A. TIGR - The Institute for Genomic Research
1. Peruse the TIGR site
2. TIGR Microbial Database: Completed Genomes
3. TIGR Microbial Database: Incomplete Genomes
4. Other TIGR Databases
5. TIGR Gene Indices
6. TIGR Software Tools
B. NCBI Genomic Resources
1. Entrez Genomes
2. NCBI Microbial Genomes
3. "Graphical View" and "Coding Regions" for a given Genome
4. NCBI Specific Organism Resources
C. Specific Organism Resources
1. NCBI Yeast Genome Site
2. Stanford Saccharomyces Genome Database - SGD
3. Munich Information Center for Protein Sequences - MIPS - for Yeast
4. NCBI Fly Genome Site
5. Fly Chromosome Features via MapView Graphics
6. NCBI Information Available for a Fly Gene
7. Use of FlyBase for a Fly Gene
8. Use of GadFly at BDGP for a Fly Gene
D. Information on a Human Gene
1. Find a Human Gene using Gene Ontology (GO) terms
2. NCBI Resources Available for your Human Gene
3. GeneCard for your Human Gene
4. EBI Ensembl Resources for your Human Gene
a. Search Ensembl using the GO keyword
b. View your Gene at Ensembl
5. UCSC Resources available for your Human Gene
a. Search UCSC using the GO keyword
b. View your Gene at UCSC
c. Direct links between Ensembl and UCSC
E. Questions

 


{Answer the Questions at the end as you proceed through the Exercise}

{A. TIGR - The Institute for Genomic Research}
TIGR has determined the sequence of many prokaryotic organisms, including the first three to be sequenced. TIGR has also been involved as a major player in other sequencing efforts, including those of the mustard plant, Arabidopsis thaliana, Rice, the fungus Aspergillus, the malaria parasite Plasmodium falciparum, and the Human Genome sequencing efforts

{1. Peruse the TIGR site to see what is there and get a feel for what TIGR does}
Examine links from the TIGR Home page. See "What's new". Note the "Hot Links". Note the types of efforts TIGR is involved with: Databases, Gene Indices, Software, etc.  Include a few comments about what you did in your Notebook. Answer Exercise Questions 1-3

{2. TIGR Microbial Database: Completed Genomes}
Go to the TIGR Microbial Database, choose one of the organisms whose genome is completely sequenced, and include some information here about the organism: what it is, why it is interesting, what kingdom it is from, who did the sequencing, size of the genome, a few comments about the genome.
Work some with the Genome Browser from the TIGR CMR (Comprehensive Microbial Resource).
Answer Exercise Questions 4-8.

Note: the TIGR Genome Browser is new since Lecture 3 of 6 April 2001 !!
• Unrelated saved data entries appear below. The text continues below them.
Lemma image_coproduct_section_restr {I : Type} (U : I -> C1) (S Y : C2)
    (iota : forall i, Hom (F (U i)) S) (h : Hom S Y)
    (t : pushOb F (pullbackPre F G) Y) (u : G S) :
  IsCoproduct (fun i => F (U i)) iota ->
  (forall i, pmap G (iota i) u = proj1_sig t (U i) (comp h (iota i))) ->
  forall V (e : Hom (F V) S), pmap G e u = proj1_sig t V (comp h e).
Proof.
  intros HcS Hu V e. pose proof HG as [[_ Hcmp] [HexG _]].
  destruct (image_coproduct_decomposition Hinv HE e HcS) as (Vi & j & ph & _ & HcFV & Hph).
  apply (proj1 (HexG I _ _ _ HcFV)). intro i.
  rewrite <- Hcmp, (Hph i), Hcmp, Hu, pullback_pushOb_compat, <- comp_assoc, (Hph i),
    comp_assoc.
  destruct (proj2 (proj1 Hinv _ _) (ph i)) as [g <-].
  apply pullback_pushOb_compat.
Qed.

Lemma unit_bijective (Y : C2) : UnitBijective F G Y.
Proof.
  intro t. pose proof HG as [[_ Hcmp] [HexG HDG]].
  destruct (proj2 Hdense Y) as (I & U & phi & S & iota & HcS & h & Hh & Hh_uls).
  destruct (proj2 (HexG I _ S iota HcS) (fun i => proj1_sig t (U i) (phi i))) as [u Hu].
  assert (Hu_restr : forall V (e : Hom (F V) S), pmap G e u = proj1_sig t V (comp h e)).
  { apply (image_coproduct_section_restr HcS). intro i. rewrite Hh. apply Hu. }
  destruct (proj1 Hh_uls S h) as (K & k1 & k2 & HK).
  destruct (proj2 (HDG _ _ _ Hh_uls _ _ _ HK) u) as [s Hs].
  { apply dense_sheaf_separated. intros V c.
    rewrite <- !Hcmp, !Hu_restr, !comp_assoc, (proj1 HK). reflexivity. }
  exists s. split.
  - intros X psi. destruct (proj1 Hh_uls (F X) psi) as (Q & a & b & Hpb).
    apply (sheaf_restr_inj HG (univ_loc_split_pullback HT2 Hh_uls Hpb)).
    rewrite <- Hcmp, (proj1 Hpb), Hcmp, Hs.
    apply dense_sheaf_separated. intros V c. rewrite <- !Hcmp, Hu_restr.
    destruct (proj2 (proj1 Hdense _ _) (comp a c)) as [g Hg].
    rewrite <- Hg, pullback_pushOb_compat, Hg, !comp_assoc, (proj1 Hpb). reflexivity.
  - intros s' Hs'. apply (sheaf_restr_inj HG Hh_uls). rewrite Hs.
    apply (proj1 (HexG I _ S iota HcS)). intro i. rewrite Hu, <- Hcmp, Hh. apply Hs'.
Qed.

End Unit.

Theorem mainTheorem1 (C1 C2 : Category) (T1 : Topology C1) (T2 : Topology C2)
    (F : Functor C1 C2) :
  IsGrothendieckTopology T1 -> IsGrothendieckTopology T2 ->
  Continuous F T1 T2 -> Cocontinuous F T1 T2 -> DenseImage F T2 ->
  PreservesCoproducts F -> InvertsCoproducts F ->
  Extensive C2 ->
  ShAdjointEquivalence F T1 T2.
Proof.
  intros HT1 HT2 Hcont Hcoc Hdense Hpres Hinv HE.
  split; [|split; [|split]].
  - intros G HG. exact (pullback_sheaf Hcont Hpres HG).
  - intros H HH. exact (pushforward_sheaf HT1 HT2 Hcoc Hinv HE HH).
  - intros G HG. exact (unit_bijective HT2 Hdense Hinv HE HG).
  - intros H HH X. exact (counit_bijective X (proj1 Hdense) HH).
Qed.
{3. TIGR Microbial Database: Incomplete Genomes}
Examine one or two of the Eucaryotic genomes whose sequencing is incomplete and for which links are provided. State in your Notebook which organisms you examined.

{4. Other TIGR Databases}
Go to one of the other TIGR databases, for example, the TIGR Arabidopsis thaliana database, and briefly describe in your Notebook the types of information available. Answer Exercise Question 9.

{5. TIGR Gene Indices}
Go to the TIGR Gene Indices web pages, and check out some of the organisms for which Gene Indices are available. Comment in your Notebook what you did. Answer Exercise Questions 10-11

{6. TIGR Software Tools}
Go to the TIGR Software Tools web pages, and check out some of the programs available. Answer Exercise Questions 12-13.
 
 

{B. NCBI Genomic Resources}

NCBI has taken a lead role in providing Web page access to all information related to Genome Sequences. The completed "Genome Sequences" includes those of true organisms (eukaryotes, eubacteria, archae), as well as viruses, organelles, and plasmids. Graphic resources are available as well as text, with links provided between NCBI sources of information and to sites elsewhere.

{1. Entrez Genomes}
Go to the NCBI Entrez Genome site  and examine some of what is there.  Comment on how the three columns or tables of the Web page are used. Answer Exercise Question 14

{2. NCBI Microbial Genomes}
Go the the NCBI Microbial Genome Web page and find the organism you used in A3 above.  Peruse some of the information and Web pages available.  Comment on how the information and display at NCBI compares with such at TIGR. Answer Exercise Questions 15-16

{3. Examine the "Graphical view" and "Coding regions" of a region of the chosen Genome}
Choose appropriate links (in the left table) to do this.  Comment on these views. Answer Exercise Questions 17-18.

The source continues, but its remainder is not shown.